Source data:
(* Let $n_{k'}\le n_k$. The restriction of $Z_{k,k'}$ to $\operatorname{ran}(Z_{k,k'}^*Z_{k,k'})$, and the restriction of $Z_{k,k'}^*$ to $E_{k'}$, are isometric isomorphisms between the subspaces $\operatorname{ran}(Z_{k,k'}^*Z_{k,k'})\subset E_k$ and $E_{k'}$ (in the respective directions).
   Context: Let $\mathcal H$ be a finite-dimensional complex Hilbert space and $E_k,E_{k'}$ mutually orthogonal subspaces with $n_k=\dim E_k$, $n_{k'}=\dim E_{k'}$ and orthonormal bases $\{|a_k\rangle:0\le a\le n_k-1\}$, $\{|b_{k'}\rangle:0\le b\le n_{k'}-1\}$. For vectors $x,y$, $|x\rangle\langle y|$ is the operator $u\mapsto\langle y,u\rangle x$. $\zeta_k=e^{2\pi i/n_k}$. The transition operator is $Z_{k,k'}=n_k^{-1/2}\sum_{b=0}^{n_{k'}-1}\sum_{a=0}^{n_k-1}\zeta_k^{ba}|b_{k'}\rangle\langle a_k|$ (an operator on $\mathcal H$). *)

From HB Require Import structures.
From mathcomp Require Import all_boot all_order all_algebra.
From mathcomp Require Import reals trigo.
From mathcomp.real_closed Require Import complex.
Set Implicit Arguments. Unset Strict Implicit. Unset Printing Implicit Defensive.
Import Order.TTheory GRing.Theory Num.Theory.
Local Open Scope ring_scope.

(* The Hilbert space H is modelled as C^d (column vectors), C = R[i]. *)

Definition dotc (R : realType) (d : nat) (y u : 'cV[R[i]]_d) : R[i] :=
  \sum_(i < d) (y i 0)^* * u i 0.

(* the operator |x><y| : u |-> <y,u> x, as a d x d matrix *)
Definition ketbra (R : realType) (d : nat) (x y : 'cV[R[i]]_d) : 'M[R[i]]_d :=
  x *m (map_mx Num.conj y)^T.

Definition adjc (R : realType) (d : nat) (A : 'M[R[i]]_d) : 'M[R[i]]_d :=
  (map_mx Num.conj A)^T.

Definition zeta (R : realType) (n : nat) : R[i] :=
  Complex (cos (2 * pi / n%:R)) (sin (2 * pi / n%:R)).

Definition Zop (R : realType) (d nk nk' : nat)
  (a : 'I_nk -> 'cV[R[i]]_d) (b : 'I_nk' -> 'cV[R[i]]_d) : 'M[R[i]]_d :=
  Complex ((Num.sqrt (nk%:R : R))^-1) 0 *:
    \sum_(j < nk') \sum_(i < nk) zeta R nk ^+ (j * i) *: ketbra (b j) (a i).

Definition orthonormal_fam (R : realType) (d m : nat) (e : 'I_m -> 'cV[R[i]]_d) :=
  forall i j, dotc (e i) (e j) = (i == j)%:R.

Definition in_span (R : realType) (d m : nat) (e : 'I_m -> 'cV[R[i]]_d)
  (x : 'cV[R[i]]_d) := exists c : 'I_m -> R[i], x = \sum_(i < m) c i *: e i.

Definition in_ran (R : realType) (d : nat) (A : 'M[R[i]]_d) (x : 'cV[R[i]]_d) :=
  exists y, x = A *m y.

Definition isometric_iso (R : realType) (d : nat) (T : 'M[R[i]]_d)
  (P Q : 'cV[R[i]]_d -> Prop) :=
  [/\ forall x, P x -> Q (T *m x),
      forall x, P x -> dotc (T *m x) (T *m x) = dotc x x,
      forall x y, P x -> P y -> T *m x = T *m y -> x = y &
      forall y, Q y -> exists2 x, P x & T *m x = y].

From mathcomp Require Import all_boot all_order all_algebra.
From mathcomp Require Import reals trigo.
From mathcomp.real_closed Require Import complex.
From mathcomp Require Import ring lra.
Set Implicit Arguments. Unset Strict Implicit. Unset Printing Implicit Defensive.
Import Order.TTheory GRing.Theory Num.Theory.
Local Open Scope ring_scope.
Local Open Scope sesquilinear_scope.

(** Write the families as matrices [A], [B] with orthonormal columns. Then
    [Z = B F A^*], where [F] is the top [n_k' x n_k] block of the normalised
    Fourier matrix of order [n_k]; by orthogonality of the characters of
    [Z/n_k], the rows of [F] are orthonormal as soon as [n_k' <= n_k]. Hence
    [Z Z^* B = B], i.e. [Z] is a partial isometry with final space [E_k'],
    and [Z^* Z] is the identity on its initial space [ran (Z^* Z)]. On these
    two spaces [Z] and [Z^*] are mutually inverse and adjoint to each other,
    hence isometric isomorphisms. *)

Lemma sum_expr_unity_root (F : idomainType) n (u : F) :
  u ^+ n = 1 -> u != 1 -> \sum_(i < n) u ^+ i = 0.
Proof.
move=> un1 u_neq1; have /eqP := subrX1 u n.
by rewrite un1 subrr eq_sym mulf_eq0 subr_eq0 (negbTE u_neq1) => /eqP.
Qed.

Lemma unity_root_conjM (C : numClosedFieldType) n (z : C) :
  (0 < n)%N -> z ^+ n = 1 -> z^* * z = 1.
Proof.
move=> n_gt0 zn1; have /eqP : `|z| ^+ n = 1 by rewrite -normrX zn1 normr1.
by rewrite pexpr_eq1 // -normCKC => /eqP ->; rewrite expr1n.
Qed.

Lemma prim_root_char_orthogonal (C : numClosedFieldType) n (z : C) j j' :
  n.-primitive_root z -> (j < n)%N -> (j' < n)%N ->
  \sum_(i < n) z ^+ (j * i) * (z ^+ (j' * i))^* = (j == j')%:R * n%:R.
Proof.
move=> prim_z lt_j_n lt_j'_n; have n_gt0 := prim_order_gt0 prim_z.
have zn1 := prim_expr_order prim_z.
have conjXK k : (z ^+ k)^* * z ^+ k = 1.
  by rewrite rmorphXn -exprMn (unity_root_conjM n_gt0 zn1) expr1n.
pose u := z ^+ j * (z ^+ j')^*.
rewrite (eq_bigr (fun i : 'I_n => u ^+ i)); last first.
  by move=> i _; rewrite exprMn !exprM rmorphXn.
have [eq_jj'|neq_jj'] := eqVneq j j'.
  rewrite mul1r /u eq_jj' mulrC conjXK.
  by under eq_bigr do rewrite expr1n; rewrite sumr_const card_ord.
rewrite mul0r sum_expr_unity_root //.
  rewrite exprMn -rmorphXn -!exprM mulnC exprM zn1 mulnC exprM zn1.
  by rewrite !expr1n rmorph1 mulr1.
apply: contra neq_jj' => /eqP u1.
have : z ^+ j = z ^+ j' by rewrite -[LHS]mulr1 -(conjXK j') mulrA -/u u1 mul1r.
by move/eqP; rewrite (eq_prim_root_expr prim_z) !modn_small.
Qed.

Section Zeta.
Variable R : realType.

Lemma demoivre (t : R) m :
  (Complex (cos t) (sin t) : R[i]) ^+ m = Complex (cos (t *+ m)) (sin (t *+ m)).
Proof.
elim: m => [|m IHm]; first by rewrite expr0 !mulr0n cos0 sin0.
by rewrite exprS IHm mulrS cosD sinD; congr Complex; ring.
Qed.

Lemma zetaX n m : zeta R n ^+ m =
  Complex (cos ((2 * pi / n%:R) *+ m)) (sin ((2 * pi / n%:R) *+ m)).
Proof. exact: demoivre. Qed.

Lemma zetaX_neq1 n m : (0 < m < n)%N -> zeta R n ^+ m != 1.
Proof.
case/andP=> m_gt0 lt_m_n; rewrite zetaX; apply/negP => /eqP[cos_eq1 _].
pose t : R := pi * m%:R / n%:R.
have t2E : (2 * pi / n%:R) *+ m = t *+ 2.
  by rewrite -[LHS]mulr_natr -[RHS]mulr_natr /t; ring.
have t_in : 0 < t < pi.
  rewrite divr_gt0 ?mulr_gt0 ?pi_gt0 ?ltr0n ?(leq_ltn_trans _ lt_m_n) //=.
  by rewrite ltr_pdivrMr ?ltr0n ?(leq_ltn_trans _ lt_m_n) // ltr_pM2l ?pi_gt0 ?ltr_nat.
have sin_gt0 := sin_gt0_pi t_in.
move: cos_eq1; rewrite t2E cos_mulr2n cos2sin2 => sin_eq0.
have s0 : sin t ^+ 2 = 0 by move: sin_eq0; rewrite mulr2n; lra.
by move: (exprn_gt0 2 sin_gt0); rewrite s0 ltxx.
Qed.

Lemma zeta_prim_root n : (0 < n)%N -> n.-primitive_root (zeta R n).
Proof.
move=> n_gt0; have zeta_n : zeta R n ^+ n = 1.
  by rewrite zetaX -mulr_natr divfK ?pnatr_eq0 -?lt0n // mulr_natl cos2pi sin2pi.
have [m prim_m m_dvd_n] := prim_order_exists n_gt0 zeta_n.
suff eq_mn : m = n by rewrite eq_mn in prim_m.
apply/eqP; rewrite eqn_leq dvdn_leq //= leqNgt; apply/negP => lt_m_n.
have := zetaX_neq1 (n := n) (m := m).
by rewrite (prim_order_gt0 prim_m) lt_m_n (prim_expr_order prim_m) eqxx => /(_ isT).
Qed.

End Zeta.

Lemma trmxC_mul (C : numClosedFieldType) m n p
    (A : 'M[C]_(m, n)) (B : 'M_(n, p)) :
  (A *m B) ^t* = B ^t* *m A ^t*.
Proof. by rewrite trmx_mul map_mxM. Qed.

Section Adjoint.
Variables (R : realType) (d : nat).
Implicit Types (A : 'M[R[i]]_d) (x y : 'cV[R[i]]_d).

Lemma adjcE A : adjc A = A ^t*.
Proof. exact: map_trmx. Qed.

Lemma adjcK A : adjc (adjc A) = A.
Proof. by rewrite !adjcE trmxCK. Qed.

Lemma dotcE x y : dotc x y = (x ^t* *m y) 0 0.
Proof. by rewrite mxE; apply: eq_bigr => r _; rewrite !mxE. Qed.

Lemma dotc_adjc A x y : dotc (A *m x) y = dotc x (adjc A *m y).
Proof. by rewrite !dotcE adjcE trmxC_mul mulmxA. Qed.

End Adjoint.

Section Families.
Variables (R : realType) (d m : nat).
Implicit Type e : 'I_m -> 'cV[R[i]]_d.

Definition family_mx e : 'M[R[i]]_(d, m) := \matrix_(r, j) e j r 0.

Lemma in_spanE e x : in_span e x <-> exists v, x = family_mx e *m v.
Proof.
have mulE (c : 'I_m -> R[i]) :
    \sum_(j < m) c j *: e j = family_mx e *m \col_j c j.
  apply/matrixP => r s; rewrite !mxE summxE.
  by apply: eq_bigr => j _; rewrite !mxE (ord1 s) mulrC.
split=> [[c ->]|[v ->]]; first by exists (\col_j c j).
exists (fun j => v j 0); rewrite mulE; congr (_ *m _).
by apply/matrixP => j s; rewrite mxE (ord1 s).
Qed.

Lemma orthonormal_fam_unitary e :
  orthonormal_fam e -> (family_mx e) ^t* \is unitarymx.
Proof.
move=> ortho_e; apply/unitarymxP/matrixP => i j.
rewrite trmxCK !mxE -ortho_e dotcE mxE.
by apply: eq_bigr => r _; rewrite !mxE.
Qed.

End Families.

Section Fourier.
Variable R : realType.

Definition fourier_scale (n : nat) : R[i] := Complex (Num.sqrt (n%:R : R))^-1 0.

Lemma mul_fourier_scale_conj n :
  (0 < n)%N -> fourier_scale n * (fourier_scale n)^* * n%:R = 1.
Proof.
move=> n_gt0; pose s : R := (Num.sqrt (n%:R : R))^-1.
have -> : fourier_scale n * (fourier_scale n)^* = real_complex R (s * s).
  by congr Complex; rewrite /= /s; ring.
rewrite -(rmorph_nat (real_complex R)) -rmorphM /s -invfM -expr2 sqr_sqrtr ?ler0n //.
by rewrite mulVf ?pnatr_eq0 -?lt0n.
Qed.

Definition fourier_mx m n : 'M[R[i]]_(m, n) :=
  \matrix_(j, i) (fourier_scale n * zeta R n ^+ (j * i)).

Lemma fourier_mx_unitary m n : (m <= n)%N -> fourier_mx m n \is unitarymx.
Proof.
move=> le_mn; apply/unitarymxP/matrixP => j j'.
have n_gt0 : (0 < n)%N by apply: leq_trans le_mn; apply: leq_ltn_trans (ltn_ord j).
transitivity (fourier_scale n * (fourier_scale n)^* *
  \sum_(i < n) zeta R n ^+ (j * i) * (zeta R n ^+ (j' * i))^*).
  rewrite !mxE mulr_sumr; apply: eq_bigr => i _; rewrite !mxE rmorphM; ring.
rewrite prim_root_char_orthogonal ?zeta_prim_root ?(leq_trans (ltn_ord _) le_mn) //.
by rewrite mulrCA mul_fourier_scale_conj // mulr1 !mxE (inj_eq val_inj).
Qed.

End Fourier.

Lemma Zop_factor (R : realType) d nk nk'
    (a : 'I_nk -> 'cV[R[i]]_d) (b : 'I_nk' -> 'cV[R[i]]_d) :
  Zop a b = family_mx b *m fourier_mx R nk' nk *m (family_mx a) ^t*.
Proof.
apply/matrixP => r s; rewrite /Zop !mxE summxE.
transitivity (\sum_(j < nk') \sum_(i < nk)
   fourier_scale R nk * zeta R nk ^+ (j * i) * (b j r 0 * (a i s 0)^*)).
  rewrite mulr_sumr; apply: eq_bigr => j _; rewrite summxE mulr_sumr.
  by apply: eq_bigr => i _; rewrite !mxE big_ord1 !mxE mulrA.
rewrite exchange_big; apply: eq_bigr => i _; rewrite !mxE mulr_suml.
by apply: eq_bigr => j _; rewrite !mxE; ring.
Qed.

Lemma mulmx_partial_isometryK (C : numClosedFieldType) p m n
    (B : 'M[C]_(p, m)) (U : 'M[C]_(m, n)) :
  B ^t* \is unitarymx -> U \is unitarymx -> B *m U *m (B *m U) ^t* *m B = B.
Proof.
move=> /unitarymxP; rewrite trmxCK => B'B U_unitary.
by rewrite trmxC_mul mulmxA mulmxtVK // -mulmxA B'B mulmx1.
Qed.

Section PartialIsometry.
Variables (R : realType) (d : nat).
Implicit Types (P Q : 'cV[R[i]]_d -> Prop).

Lemma isometric_iso_adjc (T : 'M[R[i]]_d) P Q :
  (forall x, P x -> Q (T *m x)) -> (forall y, Q y -> P (adjc T *m y)) ->
  (forall x, P x -> adjc T *m (T *m x) = x) ->
  (forall y, Q y -> T *m (adjc T *m y) = y) ->
  isometric_iso T P Q.
Proof.
move=> TPQ T'QP T'TK TT'K; split=> //.
- by move=> x Px; rewrite dotc_adjc T'TK.
- by move=> x y Px Py eqT; rewrite -(T'TK x) // -(T'TK y) // eqT.
- by move=> y Qy; exists (adjc T *m y); [exact: T'QP | exact: TT'K].
Qed.

Variables (Z : 'M[R[i]]_d) (Q : 'cV[R[i]]_d -> Prop).
Hypothesis ranZ : forall x, Q (Z *m x).
Hypothesis ZZ'K : forall y, Q y -> Z *m (adjc Z *m y) = y.
Let S := in_ran (adjc Z *m Z).

Lemma initial_space_adjc y : Q y -> S (adjc Z *m y).
Proof. by move=> Qy; exists (adjc Z *m y); rewrite -mulmxA ZZ'K. Qed.

Lemma adjc_mulK_initial x : S x -> adjc Z *m (Z *m x) = x.
Proof. by move=> [v ->]; rewrite -!mulmxA ZZ'K. Qed.

Lemma partial_isometry_iso : isometric_iso Z S Q /\ isometric_iso (adjc Z) Q S.
Proof.
split; apply: isometric_iso_adjc; rewrite ?adjcK.
- by move=> x _; apply: ranZ.
- exact: initial_space_adjc.
- exact: adjc_mulK_initial.
- exact: ZZ'K.
- exact: initial_space_adjc.
- by move=> x _; apply: ranZ.
- exact: ZZ'K.
- exact: adjc_mulK_initial.
Qed.

End PartialIsometry.

Theorem proposition2p6 (R : realType) (d nk nk' : nat)
  (a : 'I_nk -> 'cV[R[i]]_d) (b : 'I_nk' -> 'cV[R[i]]_d) :
  orthonormal_fam a -> orthonormal_fam b ->
  (forall i j, dotc (a i) (b j) = 0) ->
  (nk' <= nk)%N ->
  let Z := Zop a b in
  let S := in_ran (adjc Z *m Z) in
  (forall x, S x -> in_span a x) /\
  isometric_iso Z S (in_span b) /\
  isometric_iso (adjc Z) (in_span b) S.
Proof.
move=> ortho_a ortho_b _ le_nk'_nk Z S.
pose A := family_mx a; pose B := family_mx b; pose F := fourier_mx R nk' nk.
have ZE : Z = B *m (F *m A ^t*) by rewrite /Z Zop_factor mulmxA.
have ranZ x : in_span b (Z *m x).
  by apply/in_spanE; exists (F *m A ^t* *m x); rewrite ZE !mulmxA.
have ranZ' y : in_span a (adjc Z *m y).
  apply/in_spanE; exists (F ^t* *m B ^t* *m y).
  by rewrite adjcE ZE !trmxC_mul trmxCK !mulmxA.
have ZZ'K y : in_span b y -> Z *m (adjc Z *m y) = y.
  move=> /in_spanE[v ->]; rewrite adjcE !mulmxA ZE mulmx_partial_isometryK //.
    exact: orthonormal_fam_unitary.
  by rewrite mul_unitarymx ?fourier_mx_unitary ?orthonormal_fam_unitary.
split; last exact: partial_isometry_iso.
by move=> _ [v ->]; rewrite -mulmxA; apply: ranZ'.
Qed.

Task item: Only one stretch of the entries above is wanted: the lines from the one containing "Implicit Types (P Q : 'cV[R[i]]_d -> Prop)." through the one containing "Hypothesis ranZ : forall x, Q (Z *m x).". Please reproduce it exactly.

Answer:
Implicit Types (P Q : 'cV[R[i]]_d -> Prop).

Lemma isometric_iso_adjc (T : 'M[R[i]]_d) P Q :
  (forall x, P x -> Q (T *m x)) -> (forall y, Q y -> P (adjc T *m y)) ->
  (forall x, P x -> adjc T *m (T *m x) = x) ->
  (forall y, Q y -> T *m (adjc T *m y) = y) ->
  isometric_iso T P Q.
Proof.
move=> TPQ T'QP T'TK TT'K; split=> //.
- by move=> x Px; rewrite dotc_adjc T'TK.
- by move=> x y Px Py eqT; rewrite -(T'TK x) // -(T'TK y) // eqT.
- by move=> y Qy; exists (adjc T *m y); [exact: T'QP | exact: TT'K].
Qed.

Variables (Z : 'M[R[i]]_d) (Q : 'cV[R[i]]_d -> Prop).
Hypothesis ranZ : forall x, Q (Z *m x).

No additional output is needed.